The most recent edition of The Cambridge Companion to Irish Poetry (2017), for instance, hit bookstore shelves last month with only four women in an anthology of over 30 invited writers. This is the latest in a series of occlusions of women writers from Ireland’s national canon. To counteract the edition’s lacunae, a group of women poets from Ireland and Northern Ireland created both a genealogy tracing those historic elisions and a pledge for literary professionals to redress gender imbalance in the collection and curation of Irish literature.

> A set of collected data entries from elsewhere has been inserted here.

(* Let $M,N\ge 0$ be integers, $a_0,\dots,a_M\in\mathbb{R}$, $f_M(x)=\sum_{m=0}^M a_mT_m(x)$. For $0\le n\le N$ and $y\in[-1,1]$ let $\tilde R_n(y)=\int_{-1}^{y}f_M(y-1-t)T_n(t)\,\mathrm{d}t=\sum_{k=0}^{M+N+1}R_{k,n}T_k(y)$, and set $R_{M+N+2,n}:=0$. For $k\ge1$ let $\varepsilon_k=2$ if $k=1$ and $\varepsilon_k=1$ if $k\ge 2$. Then for every $1\le k\le M+N$: $$R_{k,1}=-R_{k,0}+\frac{\varepsilon_k}{2k}R_{k-1,0}-\frac{1}{2k}R_{k+1,0}\qquad(\text{if } N\ge1),$$ $$R_{k,2}=R_{k,0}+\frac{2\varepsilon_k}{k}R_{k-1,1}-\frac{2}{k}R_{k+1,1}\qquad(\text{if } N\ge2),$$ and for $2\le n\le N-1$, $$R_{k,n+1}=\frac{2(-1)^n}{n-1}R_{k,0}+\frac{n+1}{n-1}R_{k,n-1}+\frac{\varepsilon_k(n+1)}{k}R_{k-1,n}-\frac{n+1}{k}R_{k+1,n}.$$ Moreover, for every $1\le n\le N$, $$R_{0,n}=\sum_{j=1}^{M+n+1}(-1)^{j+1}R_{j,n}.$$
   Context: $T_m(x)=\cos(m\arccos x)$ is the $m$-th Chebyshev polynomial. Each $\tilde R_n$ is a polynomial of degree at most $M+n+1$, so $R_{k,n}=0$ for $k>M+n+1$; $R$ is the $(M+N+2)\times(N+1)$ Chebyshev convolution matrix of $f_M$. *)

From Stdlib Require Import Reals Lra Lia.
From Coquelicot Require Import Coquelicot.
Open Scope R_scope.

Definition T (m : nat) (x : R) : R := cos (INR m * acos x).

Definition fM (M : nat) (a : nat -> R) (x : R) : R :=
  sum_f_R0 (fun m => a m * T m x) M.

Definition Rtilde (M : nat) (a : nat -> R) (n : nat) (y : R) : R :=
  RInt (fun t => fM M a (y - 1 - t) * T n t) (-1) y.

Definition eps (k : nat) : R := if Nat.eqb k 1 then 2 else 1.

(* Differentiating [Rtilde_n] in [y] under the integral sign and integrating by parts
   gives [Rtilde_n' = (-1)^n f_M + int_{-1}^y f_M(y-1-t) T_n'(t) dt]; in particular
   [f_M = Rtilde_0'].  The derivative recurrences [T_1' = T_0], [T_2' = 4 T_1] and
   [T_(n+1)' = (n+1)/(n-1) T_(n-1)' + 2(n+1) T_n] thus become identities
   [sum_k d_k T_k' = sum_k b_k T_k] on (-1,1), whose coefficients satisfy
   [k d_k = (eps_k b_(k-1) - b_(k+1))/2]: put [y = cos t], multiply by [sin t sin (k t)]
   and integrate over [0, pi].  Induction on [n] with the same recurrences gives
   [R_(k,n) = 0] for [k > M+n+1], and the formula for [R_(0,n)] is [Rtilde_n(-1) = 0]
   read through [T_k(-1) = (-1)^k]. *)

From Stdlib Require Import Reals Lra Lia.
From Coquelicot Require Import Coquelicot.
Open Scope R_scope.

Lemma nat_ind2 (P : nat -> Prop) :
  P 0%nat -> P 1%nat -> (forall n, P n -> P (S n) -> P (S (S n))) -> forall n, P n.
Proof.
  intros H0 H1 HS n. enough (P n /\ P (S n)) by tauto.
  induction n as [|n [IHn IHSn]]; auto.
Qed.

Lemma continuous_of_ex_derive (f : R -> R) x : (forall x, ex_derive f x) -> continuous f x.
Proof. intros Hf. apply (@ex_derive_continuous R_AbsRing R_NormedModule), Hf. Qed.

(* [T] equals [cos (m acos x)] only on [-1,1]; the derivative and integral lemmas
   need the polynomials given by the three-term recurrence on all of [R]. *)
Fixpoint cheb (n : nat) (x : R) : R :=
  match n with
  | O => 1
  | S O => x
  | S ((S m) as p) => 2 * x * cheb p x - cheb m x
  end.

Fixpoint chebU (n : nat) (x : R) : R :=
  match n with
  | O => 1
  | S O => 2 * x
  | S ((S m) as p) => 2 * x * chebU p x - chebU m x
  end.

Definition dcheb (n : nat) (x : R) : R := INR n * chebU (pred n) x.

Lemma cheb_SS n x : cheb (S (S n)) x = 2 * x * cheb (S n) x - cheb n x.
Proof. reflexivity. Qed.

Lemma chebU_SS n x : chebU (S (S n)) x = 2 * x * chebU (S n) x - chebU n x.
Proof. reflexivity. Qed.

Lemma cheb_chebU n x : cheb (S n) x = chebU (S n) x - x * chebU n x.
Proof.
  revert n; apply nat_ind2; [simpl; ring | simpl; ring |].
  intros n IH1 IH2. rewrite cheb_SS, IH1, IH2, !chebU_SS. ring.
Qed.

Lemma cheb_cos n t : cheb n (cos t) = cos (INR n * t).
Proof.
  revert n; apply nat_ind2.
  - simpl. rewrite Rmult_0_l, cos_0. reflexivity.
  - simpl. rewrite Rmult_1_l. reflexivity.
  - intros n IH1 IH2. rewrite cheb_SS, IH1, IH2.
    replace (INR (S (S n)) * t) with (INR (S n) * t + t) by (rewrite !S_INR; ring).
    replace (INR n * t) with (INR (S n) * t - t) by (rewrite !S_INR; ring).
    rewrite cos_plus, cos_minus. ring.
Qed.

Lemma chebU_cos_sin n t : chebU n (cos t) * sin t = sin (INR (S n) * t).
Proof.
  revert n; apply nat_ind2.
  - simpl. rewrite !Rmult_1_l. reflexivity.
  - simpl. replace ((1 + 1) * t) with (t + t) by ring. rewrite sin_plus. ring.
  - intros n IH1 IH2.
    rewrite chebU_SS, Rmult_minus_distr_r, !Rmult_assoc, IH1, IH2.
    replace (INR (S (S (S n))) * t) with (INR (S (S n)) * t + t) by (rewrite !S_INR; ring).
    replace (INR (S n) * t) with (INR (S (S n)) * t - t) by (rewrite !S_INR; ring).
    rewrite sin_plus, sin_minus. ring.
Qed.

This is part and parcel of the story that VIDA has been telling for years in its annual count that chronicles both the absence of gender parity and the vast imbalances of intersectional representations for queer, trans, and non-binary authors as well as those writers marked by historically elided race and ethnic categories. Keeping tabs on Anglophone Lit tastemakers like The London Review of Books, The Atlantic, and n + 1, VIDA reminds us that sustained conversations between a multiplicity of voices are available, but still aspirational where mainstream English-language publishing is concerned.

“This is why the work is so important,” writes Audre Lorde in I Am Your Sister (2009 [1985]).  “Its power doesn’t lie in the me that lives in the words so much as in the heart’s blood pumping behind the eye that is reading, the muscle behind the desire that is sparked by the word—hope as a living state that propels us, open-eyed and fearful, into all the battles of our lives.” To amplify a voice isn’t only about being seen, it’s about being heard and felt in an intimate and material way. Writing, at its best, is about building conversation and capacities to shelter one another.

There’s a moment at the end of Zora Neale Hurston’s Their Eyes Were Watching God (1937). Protagonist Janie Crawford has finished telling her life story full of thrills and heartache, the ravages of virulent racism and gender discrimination in America, to her long-time friend Phoeby Watson.  The two women are sitting on the porch of the house Janie has come home to and begin to think about what their gossipy neighbors will say about Janie’s unconventional story. Janie delivers one of the more quoted passages of the novel. “Love is lak de sea,” she implores Phoeby to tell the nosy community members whose love, she notes, didn’t work like her own. “It’s uh moving thing, but still and all, it takes it shape from de shore it meets, and it’s different with every shore.”

“Lawd!,” replies Phoeby. “Ah done growed ten feet higher from jus’ listenin’ tuh you, Janie. Ah ain’t satisfied wid mahself no mo’.” And then, in my favorite of literary let-me-at-‘ems: “Nobody better not criticize yuh in muh hearin’.”

In this, my last regular post to the Ploughshares blog, let me say express thanks to my most near interlocutors who have animated my contributions here and continue to inform my writing life. For their power, their smarts, their generosity, their citationality, and their protections: all my gratitude to the writers and scholars Kita Douglas, Veronica Fitzpatrick, Jessica Hines, and Marina Magloire. I have grown so tall in your company. You have created a refuge of intellectual and creative possibility—which is to say: a much more interesting story.

“With dynasties of negative constructions / darkening and dying around you,” Bishop closes her petition-poem to Moore, “with grammar that suddenly turns and shines / like flocks of sandpipers flying, / please come flying.”

Our dissatisfaction with the state of the world—literary and actual—is, like de Pizan’s, like Lorde’s, like Phoeby’s, something to hold on to. Dissatisfaction is a place to grow our loves and friendships from so they become vast like Janie’s sea. It’s a place from which to elevate our conversations to shiny, sandpipery syntax so that all the more voices might have a chance to soar.